More extensive surgery may be required in some systems, where simply scaling up the core relational database may not be adequate. This may involve

  • Setting up a non-SQL database system to take some of the data access load. These systems may include ElasticSearch or MongoDB
  • Migrating an application from a classical relational database with hard ACID properties to a distributed database with multi-master architecture and eventual consistency. This includes CouchDB or MongoDB. We feel that classical relational databases are used too blindly and too widely, where many application areas are better served by a distributed database with eventual-consistency semantics.

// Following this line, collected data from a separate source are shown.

(* $\mathfrak{L}(\mathrm{rtDVA}(1))\subsetneq\bigcup_{k}\mathfrak{L}(\mathrm{rtD}k\mathrm{CA})$.
   Context: $\mathfrak{L}(A)$ denotes the class of languages recognized by machines of type $A$. A real-time deterministic vector automaton of dimension $k$ ($\mathrm{rtDVA}(k)$) is a 6-tuple $(Q,\Sigma,\delta,q_0,Q_a,v)$ with finite state set $Q$, initial state $q_0$, accept states $Q_a$, initial row vector $v\in\mathbb{Q}^k$ (freely chosen), and $\delta:Q\times(\Sigma\cup\{\cent,\$\})\times\{=,\neq\}\to Q\times S$, $S$ the set of $k\times k$ rational matrices. The input $w$ is read as $\cent w\$$ left to right, one symbol per step; in state $q$ reading $\sigma$, with $\omega$ equal to ''$=$'' iff the first vector entry equals $1$, if $\delta(q,\sigma,\omega)=(q',M)$ the machine goes to $q'$ and multiplies its row vector on the right by $M$. Acceptance: after processing $\$$, the state is in $Q_a$ and the first vector entry equals $1$. A real-time deterministic $k$-counter automaton (rtD$k$CA) is a 5-tuple $(Q,\Sigma,\delta,q_0,Q_a)$ with $k$ integer counters initially $0$, reading $\cent w\$$ one symbol per step; $\delta(q,\sigma,\theta)=(q',c)$ with $\theta\in\{0,\pm\}^k$ the zero/nonzero status of each counter and $c\in\{-1,0,1\}^k$ the counter increments; acceptance iff in an accept state after scanning $\$$. The union ranges over all $k\ge 1$. *)

From HB Require Import structures.
From mathcomp Require Import all_boot all_order all_algebra.
Set Implicit Arguments. Unset Strict Implicit. Unset Printing Implicit Defensive.
Import GRing.Theory Num.Theory.
Local Open Scope ring_scope.

Inductive esym (S : Type) := ESym of S | ECent | EDollar.
Arguments ECent {S}. Arguments EDollar {S}.

Definition tape (S : Type) (w : seq S) : seq (esym S) :=
  ECent :: map (@ESym S) w ++ [:: EDollar].

(* [rtDVA S n] is an rtDVA of dimension k = n.+1 (dimension is >= 1 so the
   "first entry" of the vector exists); rtDVA(1) is [rtDVA S 0]. *)
Record rtDVA (S : finType) (n : nat) := RtDVA {
  dva_Q : finType;
  (* the bool argument is omega: true iff the first vector entry equals 1 *)
  dva_delta : dva_Q -> esym S -> bool -> dva_Q * 'M[rat]_n.+1;
  dva_q0 : dva_Q;
  dva_acc : {set dva_Q};
  dva_v : 'rV[rat]_n.+1 }.

Definition dva_step S n (M : rtDVA S n) (c : dva_Q M * 'rV[rat]_n.+1)
  (a : esym S) : dva_Q M * 'rV[rat]_n.+1 :=
  let: (q, v) := c in
  let: (q', A) := @dva_delta S n M q a (v 0 0 == 1) in (q', v *m A).

Definition dva_accepts S n (M : rtDVA S n) (w : seq S) : bool :=
  let: (q, v) := foldl (@dva_step S n M) (@dva_q0 S n M, @dva_v S n M) (tape w) in
  (q \in @dva_acc S n M) && (v 0 0 == 1).

Inductive incr := IncM1 | Inc0 | IncP1.
Definition incr_val (d : incr) : int :=
  match d with IncM1 => -1 | Inc0 => 0 | IncP1 => 1 end.

Record rtDCA (S : finType) (k : nat) := RtDCA {
  dca_Q : finType;
  (* the status argument theta: theta i = true iff counter i is zero *)
  dca_delta : dca_Q -> esym S -> {ffun 'I_k -> bool} -> dca_Q * {ffun 'I_k -> incr};
  dca_q0 : dca_Q;
  dca_acc : {set dca_Q} }.

Definition dca_step S k (N : rtDCA S k) (c : dca_Q N * {ffun 'I_k -> int})
  (a : esym S) : dca_Q N * {ffun 'I_k -> int} :=
  let: (q, ctr) := c in
  let: (q', d) := @dca_delta S k N q a [ffun i => ctr i == 0] in
  (q', [ffun i => ctr i + incr_val (d i)]).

In such projects, applications may need some redesign and significant code rewrite to execute the successful migration. Often, only some tables of a database are migrated, leaving the system operating in a hybrid database environment where classical hard-consistency RDBMS continue to be used for synchronous transaction processing.

Data outside databases

Large enterprise applications sometimes need to keep large volumes of data as documents, e.g. PDF, JPEG images, etc. These are often scanned images of authoritative originals like photographs, scanned passports, scanned certificates, etc. We have seen such data stores exceeding 200TB, bringing about problems of secure backup, scalability of the underlying file systems, and overall manageability.

We have executed projects where such data stores have been migrated to object stores, conceptually similar to AWS S3, either in an on-premise data centre or on the cloud. An object store is neither as structured and rigid as a proper table-structured database, nor as ad hoc and difficult to manage as a file system with each document being stored as a file. Open source object store products like MinIO and Ceph provide excellent management features which are often more robust and scalable than conventional file systems.

Postgres and EnterpriseDB

We work with all popular relational databases, including MySQL, MS SQL Server, and Oracle. But we have a strong affinity for Postgres, and strongly recommend this wherever database choice has not been preordained. Remiges have executed numerous projects on Postgres, and managed and operated them under extremely stressful loads.

For large enterprise deployments, where risk management is a critical issue, EnterpriseDB offers the peace of mind and world-class support which make Postgres even more attractive. Remiges are EnterpriseDB partners.

In summary

Databases are living animals, and applications which need to grow and adapt to changing business contexts cannot afford to keep their original data architecture unchanged. We can help.

And in this respect, we are not your run-of-the-mill coding company. The software services industry has thousands of small and medium companies which seem to operate merely as collections of coders. But our skills and this track record allow us to assert that we build systems, we execute projects. The story never stops at the code.